The first line of the data below and every line after it, through the one with "rewrite (eq_bigr _", must be transcribed without change.
*** Provided records Section Begins ***
Lemma card_band_graph (G : band_graph) : #|G| = \sum_p level_count G p.
Proof.
rewrite /level_count pair_big (card_fibers snd) /=; apply: eq_bigr => -[p t] _.
have inj_pair : injective (fun j : 'I_M => (j, (p, t))) by move=> j j' [].
rewrite /band_deg -(card_imset _ inj_pair); apply: eq_card => -[j b].
rewrite !inE /=; apply/andP/imsetP => [[jb /eqP eq_b]|[j' jb [-> ->]]]; last by rewrite inE in jb.
by subst b; exists j; rewrite ?inE.
Qed.

Section Maximal.
Hypothesis M_le : M <= 2 * (N * (T - (N + 1) ^ g)).

Lemma maximal_admissible_level_count (G : band_graph) p :
  admissible G -> (forall G', admissible G' -> #|G'| <= #|G|) -> M <= 2 * level_count G p.
Proof.
move=> admG maxG.
have [all_levels|] := boolP [forall j, [exists t, (j, (p, t)) \in G]].
  apply: (@leq_trans (level_count G p)); last by rewrite leq_pmull.
  rewrite /level_count.
  rewrite (eq_bigr _ (fun t _ => band_deg_sum G (p, t))) exchange_big /=.
  rewrite -[M in M <= _]card_ord -sum1_card; apply: leq_sum => j _.
  have /existsP[t jt] := forallP all_levels j.
  by rewrite (bigD1 t) //= jt.
rewrite negb_forall => /existsP[u]; rewrite negb_exists => /forallP no_level.
pose U := [set t | band_deg G (p, t) < N].
have U_near t : t \in U -> inr (p, t) \in ball G (inl u) g.
  rewrite inE => deg_lt; apply/negPn/negP => far.
  have := maxG _ (admissible_setU1 admG no_level deg_lt far).
  by rewrite cardsU1 (negbTE (no_level t)) add1n ltnn.
have card_U : #|U| <= (N + 1) ^ g.
  apply: leq_trans (card_ball _ _ (fun x => card_closed_nbhd_admissible x admG)).
  have inj_band : injective (fun t : 'I_T => inr (p, t) : 'I_M + (Pt * 'I_T)) by move=> t t' [].
  rewrite -(card_imset _ inj_band); apply: subset_leq_card.
  by apply/subsetP=> _ /imsetP[t tU ->]; exact: U_near.
have saturated : N * (T - #|U|) <= level_count G p.
  rewrite /level_count (bigID (mem U)) /= addnC; apply: leq_trans (leq_addr _ _).
  apply: leq_trans (_ : \sum_(t | t \notin U) N <= _); last first.
    by apply: leq_sum => t; rewrite inE -leqNgt.
  rewrite sum_nat_cond_const mulnC leq_mul2r -[T in T - _]card_ord -(cardsC U) addKn.
  by apply/orP; right; apply: subset_leq_card; apply/subsetP=> t; rewrite !inE.
apply: leq_trans M_le _; rewrite leq_mul2l; apply/orP; right.
by apply: leq_trans saturated; rewrite leq_mul2l leq_sub2l ?orbT.
Qed.
(* For fixed j, the weight X ^ j e^(-X) is largest at X = j, since t <= e^(t - 1). *)
Lemma poisson_le_param_INR (X : R) (j : nat) : 0 <= X -> poisson X j <= poisson (INR j) j.
Proof.
  intro HX. unfold poisson.
  apply Rmult_le_compat_r; [apply Rlt_le, Rinv_0_lt_compat, INR_fact_lt_0|].
  destruct j as [|n].
  { simpl. rewrite !Rmult_1_l, Ropp_0, exp_0. rewrite <- exp_0. apply exp_le_exp. lra. }
  set (N := INR (S n)). assert (HN : 0 < N) by (apply lt_0_INR; lia).
  set (t := X / N). assert (Ht : 0 <= t) by (apply Rdiv_le_0_compat; lra).
  assert (Hpow : t ^ S n <= exp (X - N)).
  { replace (X - N) with (N * (t - 1)) by (unfold t; field; lra).
    unfold N. rewrite exp_mult_INR. apply pow_incr.
    generalize (exp_ineq1_le (t - 1)). lra. }
  replace X with (t * N) at 1 by (unfold t; field; lra).
  rewrite Rpow_mult_distr.
  replace (exp (- N)) with (exp (X - N) * exp (- X)) by (rewrite <- exp_plus; f_equal; ring).
  rewrite (Rmult_comm (t ^ S n)), !Rmult_assoc.
  apply Rmult_le_compat_l; [apply pow_le; lra|].
  apply Rmult_le_compat_r; [apply Rlt_le, exp_pos | exact Hpow].
Qed.

Lemma poisson_INR_sq (n : nat) : (1 <= n)%nat ->
  poisson (INR n) n ^ 2 = / (INR n * stirling_ratio n).
Proof.
  intro Hn. assert (HN : 1 <= INR n) by exact (le_INR 1 n Hn).
  unfold poisson, stirling_ratio.
  assert (HE : exp (2 * INR n) = / exp (- INR n) ^ 2).
  { rewrite <- exp_mult_INR, <- exp_Ropp. f_equal. simpl. ring. }
  rewrite HE. replace (2 * n + 1)%nat with (n + n + 1)%nat by lia.
  rewrite !pow_add.
  assert (0 < exp (- INR n)) by apply exp_pos.
  assert (INR (Factorial.fact n) <> 0) by apply INR_fact_neq_0.
  field. repeat split; try lra; apply pow_nonzero; lra.
Qed.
*** Provided records Section Ends ***
**Output for this task**
Lemma card_band_graph (G : band_graph) : #|G| = \sum_p level_count G p.
Proof.
rewrite /level_count pair_big (card_fibers snd) /=; apply: eq_bigr => -[p t] _.
have inj_pair : injective (fun j : 'I_M => (j, (p, t))) by move=> j j' [].
rewrite /band_deg -(card_imset _ inj_pair); apply: eq_card => -[j b].
rewrite !inE /=; apply/andP/imsetP => [[jb /eqP eq_b]|[j' jb [-> ->]]]; last by rewrite inE in jb.
by subst b; exists j; rewrite ?inE.
Qed.

Section Maximal.
Hypothesis M_le : M <= 2 * (N * (T - (N + 1) ^ g)).

Lemma maximal_admissible_level_count (G : band_graph) p :
  admissible G -> (forall G', admissible G' -> #|G'| <= #|G|) -> M <= 2 * level_count G p.
Proof.
move=> admG maxG.
have [all_levels|] := boolP [forall j, [exists t, (j, (p, t)) \in G]].
  apply: (@leq_trans (level_count G p)); last by rewrite leq_pmull.
  rewrite /level_count.
  rewrite (eq_bigr _ (fun t _ => band_deg_sum G (p, t))) exchange_big /=.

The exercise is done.